**What the task requires:**
After locating "by rewrite gamma_actw gamma_x0y0 !actw_vprod." in the listing below, copy that line and each one after it exactly, ending with the line that has "by rewrite [LHS]surjective_pairing -(gamma_snd".

**Input for this task:**
(* Let $\mathcal{X}$ be a connected $n$-premaniplex and let $(\mathcal{Y},\eta)$ be an $(n,m)$-voltage operator that preserves connectivity. Let $\gamma\in\operatorname{Aut}(\mathcal{X}\rtimes_\eta\mathcal{Y})$. If there exist a flag $(x_0,y_0)$ and a flag $x_1\in\mathcal{X}$ with $(x_0,y_0)\gamma=(x_1,y_0)$, then there is $\alpha\in\operatorname{Aut}(\mathcal{X})$ such that $(x,y)\gamma=(x\alpha,y)$ for all flags $(x,y)$ of $\mathcal{X}\rtimes_\eta\mathcal{Y}$.
   Context: An $n$-premaniplex is an edge-coloured graph (semi-edges and parallel edges allowed) with colours $\{0,\dots,n-1\}$ such that every vertex (flag) is the start of exactly one dart of each colour, and for $|i-j|\ge2$ alternating $i,j$-paths of length 4 are closed; $x^i$ is the $i$-adjacent flag of $x$. $\mathcal{C}^n=\langle r_0,\dots,r_{n-1}\mid r_i^2,\ (r_ir_j)^2\ (|i-j|\ge2)\rangle$ acts on flags by $r_ix=x^i$. Automorphisms (colour-preserving graph automorphisms) act on the right and commute with this action. For a flag $y$ of an $m$-premaniplex $\mathcal{Y}$ and $\omega\in\mathcal{C}^m$, $W_\omega(y)$ is the homotopy class of paths from $y$ whose colour sequence $i_1,\dots,i_k$ satisfies $r_{i_k}\cdots r_{i_1}=\omega$; these form the fundamental groupoid $\Pi(\mathcal{Y})$. A voltage assignment $\eta:\Pi(\mathcal{Y})\to\mathcal{C}^n$ satisfies $\eta(W_1W_2)=\eta(W_2)\eta(W_1)$; $(\mathcal{Y},\eta)$ is an $(n,m)$-voltage operator. $\mathcal{X}\rtimes_\eta\mathcal{Y}$ has flags $\mathcal{X}\times\mathcal{Y}$ and $(x,y)^i=(\eta(W_{r_i}(y))x,r_iy)$, $i\in\{0,\dots,m-1\}$; hence $\omega(x,y)=(\eta(W_\omega(y))x,\omega y)$. The operator preserves connectivity if $\mathcal{X}\rtimes_\eta\mathcal{Y}$ is connected whenever $\mathcal{X}$ is. Standing convention: $\mathcal{Y}$ has a spanning tree all of whose darts have trivial voltage. *)

From mathcomp Require Import all_boot.
From Stdlib Require Import Relation_Operators.
Set Implicit Arguments. Unset Strict Implicit. Unset Printing Implicit Defensive.

Definition far (k : nat) (i j : 'I_k) : bool := (i.+2 <= j) || (j.+2 <= i).

(* An n-premaniplex: a type of flags with, for each colour i < n, the
   i-adjacency map x |-> x^i.  "Exactly one dart of each colour at each flag"
   (semi-edges = fixed points allowed) means adj i is an involution;
   alternating i,j-paths of length 4 (|i-j|>=2) are closed. *)
Record premaniplex (n : nat) := Premaniplex {
  flag :> Type;
  adj : 'I_n -> flag -> flag;
  adj_inv : forall i x, adj i (adj i x) = x;
  adj_alt : forall i j x, far i j -> adj j (adj i (adj j (adj i x))) = x
}.

(* Action of a path (colour sequence i_1,...,i_k, i_1 applied first), i.e.
   of the word r_{i_k} ... r_{i_1}, on flags. *)
Definition actw (F : Type) (k : nat) (r : 'I_k -> F -> F) (p : seq 'I_k) (x : F) : F :=
  foldl (fun z i => r i z) x p.

(* Equality in the Coxeter group C^k = < r_i | r_i^2, (r_i r_j)^2 (|i-j|>=2) >,
   on words written as colour sequences (path order). *)
Inductive coxstep (k : nat) : seq 'I_k -> seq 'I_k -> Prop :=
| coxstep_sq (u v : seq 'I_k) (i : 'I_k) : coxstep (u ++ [:: i; i] ++ v) (u ++ v)
| coxstep_alt (u v : seq 'I_k) (i j : 'I_k) :
    far i j -> coxstep (u ++ [:: i; j; i; j] ++ v) (u ++ v).

Definition coxeq (k : nat) : seq 'I_k -> seq 'I_k -> Prop :=
  clos_refl_sym_trans (seq 'I_k) (@coxstep k).

Definition connected_fs (F : Type) (k : nat) (r : 'I_k -> F -> F) : Prop :=
  forall x x' : F, exists p : seq 'I_k, actw r p x = x'.

Definition connected (k : nat) (X : premaniplex k) : Prop := connected_fs (@adj k X).

(* Automorphism (acting on the right, x |-> x g): colour-preserving bijection. *)
Definition is_automorphism_fs (F : Type) (k : nat) (r : 'I_k -> F -> F) (g : F -> F) : Prop :=
  bijective g /\ forall i x, g (r i x) = r i (g x).

Definition is_automorphism (k : nat) (X : premaniplex k) (g : X -> X) : Prop :=
  is_automorphism_fs (@adj k X) g.

(* A voltage assignment on the fundamental groupoid of Y: the homotopy class
   W_omega(y) of paths from y is determined by (y, omega), omega in C^m, and
   represented by any path p (colour sequence) with word omega.  The voltage
   eta y p is a word representing an element of C^n.  Conditions: eta is well
   defined on homotopy classes, and eta(W1 W2) = eta(W2) eta(W1)  (in path
   order: the voltage word of W1 followed by that of W2). *)
Definition voltage_assignment (n m : nat) (Y : premaniplex m)
    (eta : Y -> seq 'I_m -> seq 'I_n) : Prop :=
  (forall y p q, coxeq p q -> coxeq (eta y p) (eta y q)) /\
  (forall y p q, coxeq (eta y (p ++ q)) (eta y p ++ eta (actw (@adj m Y) p y) q)).

Definition vprod_adj (n m : nat) (X : premaniplex n) (Y : premaniplex m)
    (eta : Y -> seq 'I_m -> seq 'I_n) (i : 'I_m) (xy : X * Y) : X * Y :=
  (actw (@adj n X) (eta xy.2 [:: i]) xy.1, adj i xy.2).
Arguments vprod_adj {n m} X {Y} eta i xy.

Definition preserves_connectivity (n m : nat) (Y : premaniplex m)
    (eta : Y -> seq 'I_m -> seq 'I_n) : Prop :=
  forall X : premaniplex n, connected X -> connected_fs (vprod_adj X eta).

(* Walks along darts from a set T of darts (dart = (flag, colour)). *)
Fixpoint walk_in (m : nat) (Y : premaniplex m) (T : Y -> 'I_m -> Prop)
    (y : Y) (p : seq 'I_m) : Prop :=
  match p with
  | [::] => True
  | i :: p' => T y i /\ walk_in T (adj i y) p'
  end.

(* T is (the dart set of) a spanning tree of Y: closed under reversal of
   darts, contains no semi-edge, connects all flags, and has no cycle (no
   nonempty closed walk without backtracking).  Since each flag has exactly
   one dart of each colour, a walk is determined by its start and its colour
   sequence, and it backtracks iff two consecutive colours coincide. *)
Definition spanning_tree (m : nat) (Y : premaniplex m) (T : Y -> 'I_m -> Prop) : Prop :=
  [/\ (forall y i, T y i -> T (adj i y) i),
      (forall y i, T y i -> adj i y <> y),
      (forall y y', exists p, walk_in T y p /\ actw (@adj m Y) p y = y') &
      (forall y p, p <> [::] -> sorted (fun a b => a != b) p -> walk_in T y p ->
                   actw (@adj m Y) p y <> y)].

Definition trivial_spanning_tree (n m : nat) (Y : premaniplex m)
    (eta : Y -> seq 'I_m -> seq 'I_n) : Prop :=
  exists T : Y -> 'I_m -> Prop,
    spanning_tree T /\ forall y i, T y i -> coxeq (eta y [:: i]) [::].

(* The Cayley premaniplex of C^n is connected, so the connectivity-preserving
   operator makes its product with Y connected.  Walking in that product from
   (1, y0) to (r_j, y0) yields, for every colour j, a closed walk at y0 whose
   voltage is r_j.  Since gamma maps the fibre over y0 into itself and commutes
   with closed walks at y0 (which act on that fibre through their voltages),
   its restriction to the fibre commutes with every r_j, i.e. it is an
   automorphism alpha of X.  Connectivity of X ⋊ Y then transports the identity
   gamma = alpha × id from the fibre over y0 to every fibre. *)
From mathcomp Require Import all_boot.
From Stdlib Require Import Relation_Operators.
From Stdlib Require Import FunctionalExtensionality PropExtensionality ProofIrrelevance.

Set Implicit Arguments.
Unset Strict Implicit.
Unset Printing Implicit Defensive.

Section Words.

Variable k : nat.
Implicit Types (p q w : seq 'I_k).

Lemma actw_cat (F : Type) (r : 'I_k -> F -> F) p q x :
  actw r (p ++ q) x = actw r q (actw r p x).
Proof. by rewrite /actw foldl_cat. Qed.

Lemma actw_cons (F : Type) (r : 'I_k -> F -> F) i p x :
  actw r (i :: p) x = actw r p (r i x).
Proof. by []. Qed.

Lemma actw_commute (F : Type) (r : 'I_k -> F -> F) (g : F -> F) :
  (forall i x, g (r i x) = r i (g x)) ->
  forall p x, g (actw r p x) = actw r p (g x).
Proof. by move=> gr; elim=> [|i p IHp] x //; rewrite !actw_cons IHp gr. Qed.

Lemma coxeq_catr p q w : coxeq p q -> coxeq (p ++ w) (q ++ w).
Proof.
elim=> [a b ab | a | a b _ IH | a b c _ IH1 _ IH2].
- apply: rst_step; case: ab => [u v i | u v i j ij]; rewrite -!catA.
    exact: coxstep_sq.
  exact: coxstep_alt.
- exact: rst_refl.
- exact: rst_sym.
- exact: rst_trans IH2.
Qed.

Lemma coxeq_cat_rev w : coxeq (w ++ rev w) [::].
Proof.
elim/last_ind: w => [|w i IHw]; first exact: rst_refl.
rewrite rev_rcons cat_rcons; apply: rst_trans IHw; apply: rst_step.
exact: (coxstep_sq w (rev w) i).
Qed.

Lemma coxeq_rev_cat w : coxeq (rev w ++ w) [::].
Proof. by have := coxeq_cat_rev (rev w); rewrite revK. Qed.

Lemma actw_coxeq (X : premaniplex k) p q :
  coxeq p q -> forall x : X, actw (@adj k X) p x = actw (@adj k X) q x.
Proof.
elim=> [a b ab | a | a b _ IH | a b c _ IH1 _ IH2] x //.
- case: ab => [u v i | u v i j ij]; rewrite !actw_cat !actw_cons /=.
    by rewrite adj_inv.
  by rewrite adj_alt.
- by rewrite IH1 IH2.
Qed.

End Words.

Section Cayley.

Variable n : nat.
Implicit Types (v w : seq 'I_n).

(* C^n is modelled as the type of coxeq-classes, each class being the
   predicate [coxeq w] of one of its representatives. *)
Definition coxclass := {S : seq 'I_n -> Prop | exists w, S = coxeq w}.

Definition cls w : coxclass := exist _ (coxeq w) (ex_intro _ w erefl).

Lemma coxclass_ext (s t : coxclass) : sval s = sval t -> s = t.
Proof.
by case: s t => [S ?] [T ?] /= eST; subst T; congr exist; apply: proof_irrelevance.
Qed.

Lemma clsP v w : cls v = cls w <-> coxeq v w.
Proof.
split=> [/(congr1 sval) /= -> | vw]; first exact: rst_refl.
apply: coxclass_ext; apply: functional_extensionality => u.
apply: propositional_extensionality.
by split=> h; [apply: rst_trans (rst_sym _ _ _ _ vw) h | apply: rst_trans vw h].
Qed.

Lemma coxclass_cls (s : coxclass) : exists w, s = cls w.
Proof. by case: s => S [w eSw]; exists w; apply: coxclass_ext. Qed.

Definition cadj_pred (i : 'I_n) (S : seq 'I_n -> Prop) : seq 'I_n -> Prop :=
  fun v => exists u, S u /\ coxeq (u ++ [:: i]) v.

Lemma cadj_pred_coxeq i w : cadj_pred i (coxeq w) = coxeq (w ++ [:: i]).
Proof.
apply: functional_extensionality => v; apply: propositional_extensionality.
split=> [[u [wu uiv]] | wiv]; first exact: rst_trans (coxeq_catr _ wu) uiv.
by exists w; split=> //; apply: rst_refl.
Qed.

Lemma cadj_subproof i (s : coxclass) : exists w, cadj_pred i (sval s) = coxeq w.
Proof.
by case: s => S [w /= ->]; exists (w ++ [:: i]); apply: cadj_pred_coxeq.
Qed.

Definition cadj i (s : coxclass) : coxclass := exist _ _ (cadj_subproof i s).

Lemma cadj_cls i w : cadj i (cls w) = cls (w ++ [:: i]).
Proof. by apply: coxclass_ext; apply: cadj_pred_coxeq. Qed.

Lemma cadj_inv i s : cadj i (cadj i s) = s.
Proof.
have [w ->] := coxclass_cls s; rewrite !cadj_cls -catA; apply/clsP.
by apply: rst_step; have := coxstep_sq w [::] i; rewrite !cats0.
Qed.

Lemma cadj_alt i j s : far i j -> cadj j (cadj i (cadj j (cadj i s))) = s.
Proof.
move=> ij; have [w ->] := coxclass_cls s; rewrite !cadj_cls -!catA; apply/clsP.
by apply: rst_step; have := coxstep_alt w [::] ij; rewrite !cats0.
Qed.

Definition cayley : premaniplex n := Premaniplex cadj_inv cadj_alt.

Lemma actw_cls p w : actw (@adj n cayley) p (cls w) = cls (w ++ p).
Proof.
by elim: p w => [|i p IHp] w; rewrite ?cats0 // actw_cons /= cadj_cls IHp -catA.
Qed.

Lemma cayley_connected : connected cayley.
Proof.
move=> s t; have [v ->] := coxclass_cls s; have [w ->] := coxclass_cls t.
exists (rev v ++ w); rewrite actw_cls catA; apply/clsP.
exact: coxeq_catr (coxeq_cat_rev v).
Qed.

End Cayley.

Section VoltageProduct.

Variables (n m : nat) (Y : premaniplex m) (eta : Y -> seq 'I_m -> seq 'I_n).

(* The voltage accumulated dart by dart along a walk, as X ⋊ Y does; it is
   coxeq to eta y p only when eta is a voltage assignment. *)
Fixpoint walk_voltage (y : Y) (p : seq 'I_m) : seq 'I_n :=
  if p is i :: p' then eta y [:: i] ++ walk_voltage (adj i y) p' else [::].

Lemma actw_vprod (X : premaniplex n) p (x : X) (y : Y) :
  actw (vprod_adj X eta) p (x, y) =
    (actw (@adj n X) (walk_voltage y p) x, actw (@adj m Y) p y).
Proof. by elim: p x y => [|i p IHp] x y //; rewrite actw_cons IHp actw_cat. Qed.

Lemma closed_walk_of_voltage :
  preserves_connectivity eta ->
  forall (y : Y) (w : seq 'I_n),
    exists p, actw (@adj m Y) p y = y /\ coxeq (walk_voltage y p) w.
Proof.
move=> etaC y w.
have [p] := etaC _ (@cayley_connected n) (cls [::], y) (cls w, y).
rewrite actw_vprod actw_cls => -[pw py]; exists p; split=> //.
by rewrite pw; apply: rst_refl.
Qed.

End VoltageProduct.

Section FibrePreservingAutomorphism.

Variables (n m : nat) (X : premaniplex n) (Y : premaniplex m).
Variable eta : Y -> seq 'I_m -> seq 'I_n.
Hypothesis etaC : preserves_connectivity eta.
Hypothesis connX : connected X.

Variable gamma : X * Y -> X * Y.
Hypothesis gamma_aut : is_automorphism_fs (vprod_adj X eta) gamma.
Variables (x0 x1 : X) (y0 : Y).
Hypothesis gamma_x0y0 : gamma (x0, y0) = (x1, y0).

Lemma gamma_actw p z :
  gamma (actw (vprod_adj X eta) p z) = actw (vprod_adj X eta) p (gamma z).
Proof. by apply: actw_commute; case: gamma_aut. Qed.

Lemma gamma_snd z : (gamma z).2 = z.2.
Proof.
have [p <-] := etaC connX (x0, y0) z.
by rewrite gamma_actw gamma_x0y0 !actw_vprod.
Qed.

Definition fibre_map (x : X) : X := (gamma (x, y0)).1.

Lemma gamma_fibre x : gamma (x, y0) = (fibre_map x, y0).
Proof. by rewrite [LHS]surjective_pairing gamma_snd. Qed.

Lemma fibre_map_closed_walk p x :
  actw (@adj m Y) p y0 = y0 ->
  fibre_map (actw (@adj n X) (walk_voltage eta y0 p) x) =
    actw (@adj n X) (walk_voltage eta y0 p) (fibre_map x).
Proof.
move=> py0; have := gamma_actw p (x, y0).
by rewrite gamma_fibre !actw_vprod py0 gamma_fibre => -[].
Qed.

Lemma fibre_map_adj j x : fibre_map (adj j x) = adj j (fibre_map x).
Proof.
have [p [py0 pj]] := closed_walk_of_voltage etaC y0 [:: j].
by have := fibre_map_closed_walk x py0; rewrite !(actw_coxeq pj).
Qed.

Lemma fibre_map_bij : bijective fibre_map.
Proof.
case: gamma_aut => -[g' gK Kg] _.
exists (fun x => (g' (x, y0)).1) => x; first by rewrite -gamma_fibre gK.
have g'x : g' (x, y0) = ((g' (x, y0)).1, y0).
  by rewrite [LHS]surjective_pairing -(gamma_snd (g' (x, y0))) Kg.
by rewrite /fibre_map -g'x Kg.
Qed.

Lemma gamma_fibre_map x y : gamma (x, y) = (fibre_map x, y).
Proof.
have [p] := etaC connX (x0, y0) (x0, y); rewrite actw_vprod => -[_ py].
set E := walk_voltage eta y0 p.
have xE : x = actw (@adj n X) E (actw (@adj n X) (rev E) x).
  by rewrite -actw_cat (actw_coxeq (coxeq_rev_cat E)).
rewrite [in LHS]xE -py -actw_vprod gamma_actw gamma_fibre actw_vprod py.
by rewrite -(actw_commute fibre_map_adj) -xE.
Qed.

End FibrePreservingAutomorphism.

Theorem proposition4p2 (n m : nat) (X : premaniplex n) (Y : premaniplex m)
    (eta : Y -> seq 'I_m -> seq 'I_n) :
  voltage_assignment eta ->
  trivial_spanning_tree eta ->
  preserves_connectivity eta ->
  connected X ->
  forall gamma : X * Y -> X * Y,
    is_automorphism_fs (vprod_adj X eta) gamma ->
    (exists (x0 : X) (y0 : Y) (x1 : X), gamma (x0, y0) = (x1, y0)) ->
    exists alpha : X -> X,
      is_automorphism alpha /\ forall (x : X) (y : Y), gamma (x, y) = (alpha x, y).
Proof.
(* Preservation of connectivity alone suffices. *)
move=> _ _ etaC connX gamma gamma_aut [x0 [y0 [x1 gamma_x0y0]]].
exists (fibre_map gamma y0); split; first split.
- exact: (fibre_map_bij etaC connX gamma_aut gamma_x0y0).
- exact: (fibre_map_adj etaC connX gamma_aut gamma_x0y0).
- exact: (gamma_fibre_map etaC connX gamma_aut gamma_x0y0).
Qed.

**Result:**
by rewrite gamma_actw gamma_x0y0 !actw_vprod.
Qed.

Definition fibre_map (x : X) : X := (gamma (x, y0)).1.

Lemma gamma_fibre x : gamma (x, y0) = (fibre_map x, y0).
Proof. by rewrite [LHS]surjective_pairing gamma_snd. Qed.

Lemma fibre_map_closed_walk p x :
  actw (@adj m Y) p y0 = y0 ->
  fibre_map (actw (@adj n X) (walk_voltage eta y0 p) x) =
    actw (@adj n X) (walk_voltage eta y0 p) (fibre_map x).
Proof.
move=> py0; have := gamma_actw p (x, y0).
by rewrite gamma_fibre !actw_vprod py0 gamma_fibre => -[].
Qed.

Lemma fibre_map_adj j x : fibre_map (adj j x) = adj j (fibre_map x).
Proof.
have [p [py0 pj]] := closed_walk_of_voltage etaC y0 [:: j].
by have := fibre_map_closed_walk x py0; rewrite !(actw_coxeq pj).
Qed.

Lemma fibre_map_bij : bijective fibre_map.
Proof.
case: gamma_aut => -[g' gK Kg] _.
exists (fun x => (g' (x, y0)).1) => x; first by rewrite -gamma_fibre gK.
have g'x : g' (x, y0) = ((g' (x, y0)).1, y0).
  by rewrite [LHS]surjective_pairing -(gamma_snd (g' (x, y0))) Kg.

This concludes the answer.